According to data from Eurostat, the statistical office of the European Union, annual inflation in the euro area rose to 10% in September 2022, from 9.1% in August.
Eurozone annual inflation, September 2022, %... Source: Eurostat
The Fed, Bank of England (BoE) and Bank of Japan (BoJ) held policy meetings and made critical interest rate decisions.
Economic projections of Fed Board members and Fed chairmen, under their individual assumptions of anticipated appropriate monetary policy, September 2022… Source: Federal Reserve
The Fed has increased interest rates by 75 basis points for the third time in a row. The Fed has increased its benchmark fed funds rate by a cumulative 300 basis points since March to combat rising prices as the inflation rate has soared to 40-year highs in recent months.
The Fed is assessing the impact of further economic weakening in the future and acknowledges that it is included in the scenario in monetary policy progress. Looking at the implied interest rate expectations in this period, it is understood that the Fed has found it appropriate to follow a monetary policy with restrictive effects. Although the Fed's true hawkishness has continued since August, the main determinant of this is inflation surprises, the structural details of which include variables very different from energy. Now, within the framework of numerical expectations and action, the Fed has extended this hawkish horizon to a wider time.

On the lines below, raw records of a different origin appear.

Lemma shift_cost_ge0 w : 0 <= w -> 0 <= shift_cost w.
Proof.
move=> w0; have T0 : 0 <= tE - t0 by rewrite subr_ge0 ltW.
have K0 : 0 <= (2 * w)^-1 * (2 * Num.max K 0) by rewrite mulr_ge0 ?invr_ge0 ?mulr_ge0.
by rewrite !mulr_ge0// addr_ge0.
Qed.

Lemma Fobj_shift_z_le x e : inX x -> 0 <= e ->
  Fobj t0 tE f (shift_z x e) - Fobj t0 tE f x <= Num.max L 0 * (nz%:R * e) * (tE - t0).
Proof.
move=> xX e0; have [ifs _] := integrable_Fr (inX_shift_z e xX).
have [ifx _] := integrable_Fr xX.
rewrite -[tE - t0]/(fine (tE - t0)%:E) -lebesgue_Omega.
apply: Rintegral_subr_le_ae => //; first exact: lebesgue_Omega_lt_pinfty.
  by rewrite !mulr_ge0.
apply: aeW => t Ot; apply: le_trans (f_lipschitz _ _ _ _ _ _ Ot) _.
by rewrite norm1_shift_z// ler_wpM2r ?mulr_ge0// le_max lexx.
Qed.

Lemma rpen_shift_z_le x e : inX x -> zge0 x -> 0 <= e ->
  rpen t0 tE c b tp (shift_z x e) - rpen t0 tE c b tp x
    <= Num.max L 0 * (nz%:R * e) * (2 * Num.max K 0) * (tE - t0).
Proof.
move=> xX xge0 e0; have [_ ics] := integrable_Fr (inX_shift_z e xX).
have [_ icx] := integrable_Fr xX.
rewrite /rpen opprD addrACA subrr addr0.
rewrite -[tE - t0]/(fine (tE - t0)%:E) -lebesgue_Omega.
apply: Rintegral_subr_le_ae => //; first exact: lebesgue_Omega_lt_pinfty.
  by rewrite !mulr_ge0.
apply: (ae_filterS _ xge0) => t zt0 Ot.
have zte0 j : 0 <= (tz x t + const_mx e) ord0 j by rewrite !mxE addr_ge0// zt0.
apply: le_trans (sqnorm2B_le _ _) _; apply: ler_pM; rewrite ?addr_ge0 ?norm1_ge0//.
  apply: le_trans (c_lipschitz _ _ _ _ _ _ Ot) _.
  by rewrite norm1_shift_z// ler_wpM2r ?mulr_ge0// le_max lexx.
have cK dy y (z : 'rV_nz) :
    (forall j, 0 <= z ord0 j) -> norm1 (c dy y z t) <= Num.max K 0.
  by move=> z0; rewrite (le_trans (c_bounded dy y Ot z0))// le_max lexx.
by rewrite mulr_natl mulr2n lerD ?cK//; exact: zt0.
Qed.

Lemma Fomega_shift_z_le w x e : 0 <= w -> inX x -> zge0 x -> 0 <= e ->
  Fomega t0 tE f c b tp w (shift_z x e) <= Fomega t0 tE f c b tp w x + e * shift_cost w.
Proof.
move=> w0 xX xge0 e0; have dF := Fobj_shift_z_le xX e0.
have iw0 : 0 <= (2 * w)^-1 by rewrite invr_ge0 mulr_ge0.
have dr := ler_wpM2l iw0 (rpen_shift_z_le xX xge0 e0).
rewrite mulrBr in dr; rewrite /Fomega /shift_cost; lra.
Qed.

End shift_cost.

End barrier_estimate.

The Bank of England increased interest rates by 50 basis points in September. With inflation, which is currently the highest among the G-7 countries and has the fastest pace in the last 40 years, interest rates are expected to increase in the United Kingdom. The BoE previously raised the main interest rate by 50 basis points in August and has now raised the benchmark rate to 2.25%.
The Bank of Japan kept interest rates at record lows, remaining outlier among developed countries. Inflation in Japan is also at the lowest level among developed countries.
In the developed world, the Swedish central bank also decided to increase the interest rate by 100 basis points on September 20.
Warning lights are flashing in the global economy as high inflation, sharp rate hikes and the war in Ukraine are frustrating. According to a probability model run by Ned Davis Research, the probability of a global recession currently is 98.1%. Other times the recession pattern has been this high has been during severe economic downturns, most recently in 2020 and the global financial crises of 2008 and 2009. 'This suggests that the risk of a severe global recession in 2023 is rising for some time,' economists at Ned Davis Research said in a report last Friday.
Europe's top financial regulators have issued an unprecedented warning of 'serious risks to financial stability' after concluding that Russia's invasion of Ukraine could create a toxic combination of economic downturn, falling asset prices and financial market stress.
European banks CDSs and related risk parameters are back in the spotlight due to issues with CS and DB. After the exit of Swiss and European Central banks from the negative interest rate system, the movements in government bonds and bank bonds became determinant, and the profile of derivative assets in the portfolios of banks came into play in this period. During this period, it may be necessary to pay attention to Italian banks.
The European Systemic Risk Board, which is responsible for monitoring and preventing dangers to the region's financial system, issued a warning after its meeting last week and decided on the energy crisis triggered by the war in Ukraine, placing the financial system in an unstable state. This is the first 'general warning' of risk issued on the eve of the eurozone sovereign debt crisis since the ESRB was established in 2010. Headed by European Central Bank chief Christine Lagarde, the agency urged regulators in the 30 countries it oversees to prepare for a potential crisis by requiring financial institutions they oversee to create greater capital buffers and provisions that can cover losses.